▶ [REQUIRED ACTION]
With the first line below as the start and the line containing "move=> n_gt0; apply: ltr_wpDl;" as the end, copy every line between them exactly, ends included.

▶ [DATA EXCERPTS]
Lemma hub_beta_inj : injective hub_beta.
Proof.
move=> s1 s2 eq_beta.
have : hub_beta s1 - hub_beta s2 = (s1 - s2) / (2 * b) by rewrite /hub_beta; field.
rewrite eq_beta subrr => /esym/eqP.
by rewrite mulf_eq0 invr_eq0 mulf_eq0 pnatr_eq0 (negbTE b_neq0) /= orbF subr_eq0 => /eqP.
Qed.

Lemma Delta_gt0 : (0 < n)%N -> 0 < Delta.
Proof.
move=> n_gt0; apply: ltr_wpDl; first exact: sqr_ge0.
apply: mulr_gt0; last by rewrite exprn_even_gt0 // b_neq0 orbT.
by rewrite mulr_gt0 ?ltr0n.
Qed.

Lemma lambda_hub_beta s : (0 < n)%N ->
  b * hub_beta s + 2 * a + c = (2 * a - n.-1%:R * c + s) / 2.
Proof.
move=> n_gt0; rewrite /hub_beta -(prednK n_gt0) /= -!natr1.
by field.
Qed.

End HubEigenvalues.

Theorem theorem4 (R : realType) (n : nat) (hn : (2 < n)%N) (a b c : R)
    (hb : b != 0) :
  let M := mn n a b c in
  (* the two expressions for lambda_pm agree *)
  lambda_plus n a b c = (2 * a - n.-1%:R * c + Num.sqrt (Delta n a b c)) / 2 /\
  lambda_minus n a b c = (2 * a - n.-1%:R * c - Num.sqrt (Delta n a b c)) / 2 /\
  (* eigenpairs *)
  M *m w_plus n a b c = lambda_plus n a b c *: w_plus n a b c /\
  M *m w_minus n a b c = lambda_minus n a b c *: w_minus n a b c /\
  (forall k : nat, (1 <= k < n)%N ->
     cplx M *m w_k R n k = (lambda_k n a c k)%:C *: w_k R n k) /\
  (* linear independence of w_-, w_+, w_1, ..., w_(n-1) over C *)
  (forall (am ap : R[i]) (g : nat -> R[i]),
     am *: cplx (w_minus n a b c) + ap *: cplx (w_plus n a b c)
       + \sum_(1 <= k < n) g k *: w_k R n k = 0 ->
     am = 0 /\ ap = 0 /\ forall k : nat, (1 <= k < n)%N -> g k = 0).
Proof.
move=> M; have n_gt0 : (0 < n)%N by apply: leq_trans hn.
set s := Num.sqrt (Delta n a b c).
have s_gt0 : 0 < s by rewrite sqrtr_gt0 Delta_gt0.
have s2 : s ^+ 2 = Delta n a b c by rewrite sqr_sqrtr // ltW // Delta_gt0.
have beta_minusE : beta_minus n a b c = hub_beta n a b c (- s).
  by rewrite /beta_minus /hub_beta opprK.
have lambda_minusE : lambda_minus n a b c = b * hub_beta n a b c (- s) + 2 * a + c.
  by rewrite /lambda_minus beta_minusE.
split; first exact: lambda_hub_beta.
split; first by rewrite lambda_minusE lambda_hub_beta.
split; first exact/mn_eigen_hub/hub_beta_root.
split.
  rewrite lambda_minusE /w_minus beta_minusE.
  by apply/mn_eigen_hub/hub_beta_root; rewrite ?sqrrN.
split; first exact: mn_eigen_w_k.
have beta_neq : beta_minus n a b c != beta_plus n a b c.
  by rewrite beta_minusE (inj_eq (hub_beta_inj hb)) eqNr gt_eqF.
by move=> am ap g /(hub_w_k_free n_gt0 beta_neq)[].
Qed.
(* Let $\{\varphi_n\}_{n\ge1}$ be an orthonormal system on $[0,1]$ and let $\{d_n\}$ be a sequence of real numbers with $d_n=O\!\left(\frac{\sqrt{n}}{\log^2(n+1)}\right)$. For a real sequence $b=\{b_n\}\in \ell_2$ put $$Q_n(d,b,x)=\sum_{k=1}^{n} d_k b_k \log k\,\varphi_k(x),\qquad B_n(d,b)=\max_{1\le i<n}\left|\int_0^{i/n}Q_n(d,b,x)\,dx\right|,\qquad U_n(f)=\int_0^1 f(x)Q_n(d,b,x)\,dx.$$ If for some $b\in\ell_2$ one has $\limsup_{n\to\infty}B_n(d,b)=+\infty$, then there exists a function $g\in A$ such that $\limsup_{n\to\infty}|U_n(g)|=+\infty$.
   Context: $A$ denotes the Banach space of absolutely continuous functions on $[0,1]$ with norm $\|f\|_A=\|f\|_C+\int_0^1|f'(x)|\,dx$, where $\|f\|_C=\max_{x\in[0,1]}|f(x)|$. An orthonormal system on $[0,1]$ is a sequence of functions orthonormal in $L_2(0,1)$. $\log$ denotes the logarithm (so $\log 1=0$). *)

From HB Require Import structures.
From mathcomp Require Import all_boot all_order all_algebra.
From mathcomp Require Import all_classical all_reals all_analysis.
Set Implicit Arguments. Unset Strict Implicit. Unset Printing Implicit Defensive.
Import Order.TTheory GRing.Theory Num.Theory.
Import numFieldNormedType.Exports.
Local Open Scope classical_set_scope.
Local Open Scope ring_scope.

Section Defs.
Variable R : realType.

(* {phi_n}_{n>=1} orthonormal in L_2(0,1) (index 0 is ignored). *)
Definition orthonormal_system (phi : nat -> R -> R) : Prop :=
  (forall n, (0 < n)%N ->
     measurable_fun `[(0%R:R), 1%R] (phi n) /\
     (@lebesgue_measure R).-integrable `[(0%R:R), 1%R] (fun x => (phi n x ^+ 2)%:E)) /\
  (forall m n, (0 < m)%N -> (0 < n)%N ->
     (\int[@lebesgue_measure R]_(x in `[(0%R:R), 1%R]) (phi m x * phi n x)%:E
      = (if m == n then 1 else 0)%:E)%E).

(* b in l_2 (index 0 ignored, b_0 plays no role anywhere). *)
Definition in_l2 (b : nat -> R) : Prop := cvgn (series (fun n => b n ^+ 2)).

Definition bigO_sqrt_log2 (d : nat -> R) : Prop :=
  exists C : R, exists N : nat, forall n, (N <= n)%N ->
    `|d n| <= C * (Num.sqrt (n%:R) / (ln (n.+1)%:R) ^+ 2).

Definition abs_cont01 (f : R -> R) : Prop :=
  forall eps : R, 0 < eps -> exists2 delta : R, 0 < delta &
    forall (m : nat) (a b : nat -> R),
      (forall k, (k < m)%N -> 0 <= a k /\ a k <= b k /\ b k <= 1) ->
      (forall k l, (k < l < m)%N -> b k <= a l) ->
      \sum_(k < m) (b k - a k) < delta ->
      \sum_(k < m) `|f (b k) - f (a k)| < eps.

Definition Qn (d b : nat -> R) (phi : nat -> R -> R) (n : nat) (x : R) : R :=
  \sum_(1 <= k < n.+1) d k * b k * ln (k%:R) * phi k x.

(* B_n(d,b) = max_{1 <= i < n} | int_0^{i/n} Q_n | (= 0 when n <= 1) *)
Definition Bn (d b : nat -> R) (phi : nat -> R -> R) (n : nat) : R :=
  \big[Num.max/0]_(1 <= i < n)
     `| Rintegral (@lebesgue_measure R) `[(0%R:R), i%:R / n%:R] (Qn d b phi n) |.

▶ [RESPONSE]
Lemma hub_beta_inj : injective hub_beta.
Proof.
move=> s1 s2 eq_beta.
have : hub_beta s1 - hub_beta s2 = (s1 - s2) / (2 * b) by rewrite /hub_beta; field.
rewrite eq_beta subrr => /esym/eqP.
by rewrite mulf_eq0 invr_eq0 mulf_eq0 pnatr_eq0 (negbTE b_neq0) /= orbF subr_eq0 => /eqP.
Qed.

Lemma Delta_gt0 : (0 < n)%N -> 0 < Delta.
Proof.
move=> n_gt0; apply: ltr_wpDl; first exact: sqr_ge0.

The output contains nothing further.